• [INPUT MATERIAL]:
(* Truncated nested sum:
   mzv_trunc [s_1;...;s_k] N = sum_{N >= n_1 > n_2 > ... > n_k >= 1}
                               prod_j sgn(s_j)^{n_j} / n_j^{|s_j|}. *)
Fixpoint mzv_trunc (s : list Z) (N : nat) : R :=
  match s with
  | nil => 1
  | a :: t =>
      sum_n (fun n => if Nat.eqb n 0 then 0
                      else mzv_term a n * mzv_trunc t (n - 1)) N
  end.

Definition mzv_converges_to (s : list Z) (L : R) : Prop :=
  is_lim_seq (fun N => mzv_trunc s N) L.

(* Truncated multiple polylogarithm:
   Li_trunc x [s_1;...;s_r] N = sum_{N >= n_1 > ... > n_r > 0}
                                x^{n_1} / (n_1^{s_1} ... n_r^{s_r}). *)
Definition Li_trunc (x : R) (s : list nat) (N : nat) : R :=
  match s with
  | nil => 0
  | a :: t =>
      sum_n (fun n => if Nat.eqb n 0 then 0
                      else x ^ n / (INR n) ^ a
                           * mzv_trunc (map Z.of_nat t) (n - 1)) N
  end.

Definition Li_converges_to (x : R) (s : list nat) (L : R) : Prop :=
  is_lim_seq (fun N => Li_trunc x s N) L.

From Stdlib Require Import Reals ZArith List Lra Lia.
From Coquelicot Require Import Coquelicot.
Open Scope R_scope.

(* For a tail s, write zeta(-1, s) = sum_n (-1)^n d_n with d_n = S_s(n-1)/n, S_s the truncated
   sum of s.  For s = ({1}_j, -1, {1}_k) one has |S_s(n)| <= H_n^|s|, so d_n tends to 0 with
   summable variation: the alternating series converges (Dirichlet) and its sum is
   lim_{x -> 1-} A_j(x), where A_j(x) = sum_n (-1)^n d_n x^n (Abel).
   Peeling off the first entry of the tail gives (1+x) A_(j+1)' = -A_j and
   (1+x) A_0' = -(-ln(1-x))^(k+1)/(k+1)!.  With x = 1 - 2v, the functions
   F_j(v) = (-1)^(j+1) A_j(1-2v) satisfy F_0' = -(-ln 2v)^(k+1)/(k+1)!/(1-v),
   F_(j+1)' = -F_j/(1-v) and F_j(1/2) = 0.  The same system is solved explicitly by
   R_j(v) = sum_(i<=j) ln(1-v)^(j-i)/(j-i)! (K_i - J_i(v)), where J_i combines the
   polylogarithms Li_{p,{1}_i}(v) with powers of -ln 2v and J_i(1/2) = K_i = Li_{k+2,{1}_i}(1/2).
   Letting v -> 0+, F_m(v) -> (-1)^(m+1) zeta and R_m(v) -> K_m. *)

Lemma INR_S_pos n : 0 < INR (S n).
Proof. apply lt_0_INR; lia. Qed.

Lemma sum_n_S (a : nat -> R) n : sum_n a (S n) = sum_n a n + a (S n).
Proof. exact (sum_Sn a n). Qed.

Lemma sum_n_ext_R (a b : nat -> R) N : (forall n, a n = b n) -> sum_n a N = sum_n b N.
Proof. apply sum_n_ext. Qed.

Lemma sum_n_add (a b : nat -> R) N : sum_n (fun n => a n + b n) N = sum_n a N + sum_n b N.
Proof. exact (sum_n_plus a b N). Qed.

Lemma sum_n_mul_l (c : R) (a : nat -> R) N : sum_n (fun n => c * a n) N = c * sum_n a N.
Proof. exact (sum_n_mult_l c a N). Qed.

Lemma sum_n_zero N : sum_n (fun _ => 0) N = 0.
Proof. rewrite sum_n_const. apply Rmult_0_r. Qed.

Lemma Rinv_INR_S_le_1 n : / INR (S n) <= 1.
Proof.
  rewrite <- Rinv_1. apply Rinv_le_contravar; [lra|].
  rewrite S_INR. pose proof (pos_INR n). lra.
Qed.

(** * Truncated sums and harmonic numbers *)

Lemma mzv_trunc_cons_0 a t : mzv_trunc (a :: t) 0 = 0.
Proof. simpl. rewrite sum_O. reflexivity. Qed.

Lemma mzv_trunc_cons_S a t n :
  mzv_trunc (a :: t) (S n) = mzv_trunc (a :: t) n + mzv_term a (S n) * mzv_trunc t n.
Proof. simpl mzv_trunc at 1. rewrite sum_n_S. simpl. rewrite Nat.sub_0_r. reflexivity. Qed.

Lemma mzv_term_1 n : mzv_term 1 n = / INR n.
Proof. unfold mzv_term; simpl. rewrite Rmult_1_r. unfold Rdiv. ring. Qed.

Lemma mzv_term_m1 n : mzv_term (-1) n = (-1) ^ n / INR n.
Proof. unfold mzv_term; simpl. rewrite Rmult_1_r. reflexivity. Qed.

Lemma Rabs_mzv_term a n : Z.abs_nat a = 1%nat -> Rabs (mzv_term a n) = / INR n.
Proof.
  intros Ha. unfold mzv_term. rewrite Ha, pow_1. unfold Rdiv. rewrite Rabs_mult.
  assert (Hsgn : Rabs (if (0 <? a)%Z then 1 else (-1) ^ n) = 1).
  { destruct (0 <? a)%Z; [apply Rabs_R1 | apply pow_1_abs]. }
  rewrite Hsgn, Rmult_1_l. apply Rabs_pos_eq.
  destruct n; [simpl; rewrite Rinv_0; lra | left; apply Rinv_0_lt_compat, INR_S_pos].
Qed.

Definition harm (n : nat) : R := mzv_trunc (1%Z :: nil) n.

Lemma harm_0 : harm 0 = 0.
Proof. apply mzv_trunc_cons_0. Qed.

Lemma harm_S n : harm (S n) = harm n + / INR (S n).
Proof. unfold harm. rewrite mzv_trunc_cons_S, mzv_term_1. simpl. ring. Qed.

Lemma harm_le_S n : harm n <= harm (S n).
Proof. rewrite harm_S. pose proof (Rinv_0_lt_compat _ (INR_S_pos n)). lra. Qed.
Lemma ln2_pos : 0 < ln 2.
Proof. rewrite <- ln_1. apply ln_increasing; lra. Qed.
Lemma L0_pos x : 0 < x -> L0 x = ln x.
Proof. intros; unfold L0; destruct (Req_EM_T x 0); lra. Qed.
Lemma L0_0 : L0 0 = 0.
Proof. unfold L0; destruct (Req_EM_T 0 0); lra. Qed.
Lemma ent_L0 x : ent x = - (x * L0 x) / ln 2.
Proof.
  pose proof ln2_pos. unfold ent, xlog2x, L0, log2. destruct (Req_EM_T x 0).
  subst; field; lra. field; lra.
Qed.
Lemma h2_ent p : h2 p = ent p + ent (1 - p).
Proof. unfold h2, ent; ring. Qed.

Lemma ln_le_sub1 t : 0 < t -> ln t <= t - 1.
Proof. intros. pose proof (exp_ineq1_le (ln t)). rewrite exp_ln in H0; lra. Qed.

Lemma ent_nonneg z : 0 <= z <= 1 -> 0 <= ent z.
Proof.
  intros Hz. pose proof ln2_pos. rewrite ent_L0. destruct (Req_dec z 0).
  - subst. rewrite L0_0. unfold Rdiv; rewrite Rmult_0_l, Ropp_0, Rmult_0_l; lra.
  - rewrite L0_pos by lra. assert (ln z <= 0).
    { destruct (Req_dec z 1). subst; rewrite ln_1; lra.
      left; rewrite <- ln_1; apply ln_increasing; lra. }
    unfold Rdiv. apply Rmult_le_pos; [nra|]. left; apply Rinv_0_lt_compat; auto.
Qed.

Lemma Hs_nonneg n z : (forall j, (j < n)%nat -> 0 <= z j) -> rsum n z = 1 -> 0 <= Hs n z.
Proof.
  intros. apply rsum_nonneg; intros. apply ent_nonneg. split; auto.
  rewrite <- H0. apply (rsum_term_le n z); auto.
Qed.

Lemma ent_mul a b : 0 <= a -> 0 <= b -> ent (a * b) = a * ent b + b * ent a.
Proof.
  intros Ha Hb. pose proof ln2_pos. rewrite !ent_L0.
  destruct Ha as [Ha|Ha]; [|subst; replace (0 * b) with 0 by ring; rewrite L0_0; field; lra].
  destruct Hb as [Hb|Hb]; [|subst; replace (a * 0) with 0 by ring; rewrite L0_0; field; lra].
  rewrite !L0_pos by nra. rewrite ln_mult by auto. field. lra.
Qed.

(* the tangent-line bound y ln y >= y ln m + y - m, from ln t <= t - 1 *)
Lemma xlnx_tangent m y : 0 < m -> 0 <= y -> y * L0 y >= y * ln m + y - m.
Proof.
  intros Hm Hy. destruct Hy as [Hy|Hy].
  - rewrite L0_pos by auto. pose proof (ln_le_sub1 (m / y) ltac:(apply Rdiv_lt_0_compat; lra)).
    unfold Rdiv in H. rewrite ln_mult, ln_Rinv in H by (try apply Rinv_0_lt_compat; lra).
    assert (y * (ln m + - ln y) <= y * (m * / y - 1)) by (apply Rmult_le_compat_l; lra).
    replace (y * (m * / y - 1)) with (m - y) in H0 by (field; lra). lra.
  - subst. rewrite L0_0. lra.
Qed.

• [TASK STATEMENT]: Could you restate word for word the lines above from the one containing "Proof. exact (sum_Sn a n). Qed." through the one containing "Lemma mzv_term_1 n : mzv_term 1 n = / INR n.", both included, and nothing else?

• [WRITTEN ANSWER]:
Proof. exact (sum_Sn a n). Qed.

Lemma sum_n_ext_R (a b : nat -> R) N : (forall n, a n = b n) -> sum_n a N = sum_n b N.
Proof. apply sum_n_ext. Qed.

Lemma sum_n_add (a b : nat -> R) N : sum_n (fun n => a n + b n) N = sum_n a N + sum_n b N.
Proof. exact (sum_n_plus a b N). Qed.

Lemma sum_n_mul_l (c : R) (a : nat -> R) N : sum_n (fun n => c * a n) N = c * sum_n a N.
Proof. exact (sum_n_mult_l c a N). Qed.

Lemma sum_n_zero N : sum_n (fun _ => 0) N = 0.
Proof. rewrite sum_n_const. apply Rmult_0_r. Qed.

Lemma Rinv_INR_S_le_1 n : / INR (S n) <= 1.
Proof.
  rewrite <- Rinv_1. apply Rinv_le_contravar; [lra|].
  rewrite S_INR. pose proof (pos_INR n). lra.
Qed.

(** * Truncated sums and harmonic numbers *)

Lemma mzv_trunc_cons_0 a t : mzv_trunc (a :: t) 0 = 0.
Proof. simpl. rewrite sum_O. reflexivity. Qed.

Lemma mzv_trunc_cons_S a t n :
  mzv_trunc (a :: t) (S n) = mzv_trunc (a :: t) n + mzv_term a (S n) * mzv_trunc t n.
Proof. simpl mzv_trunc at 1. rewrite sum_n_S. simpl. rewrite Nat.sub_0_r. reflexivity. Qed.

Lemma mzv_term_1 n : mzv_term 1 n = / INR n.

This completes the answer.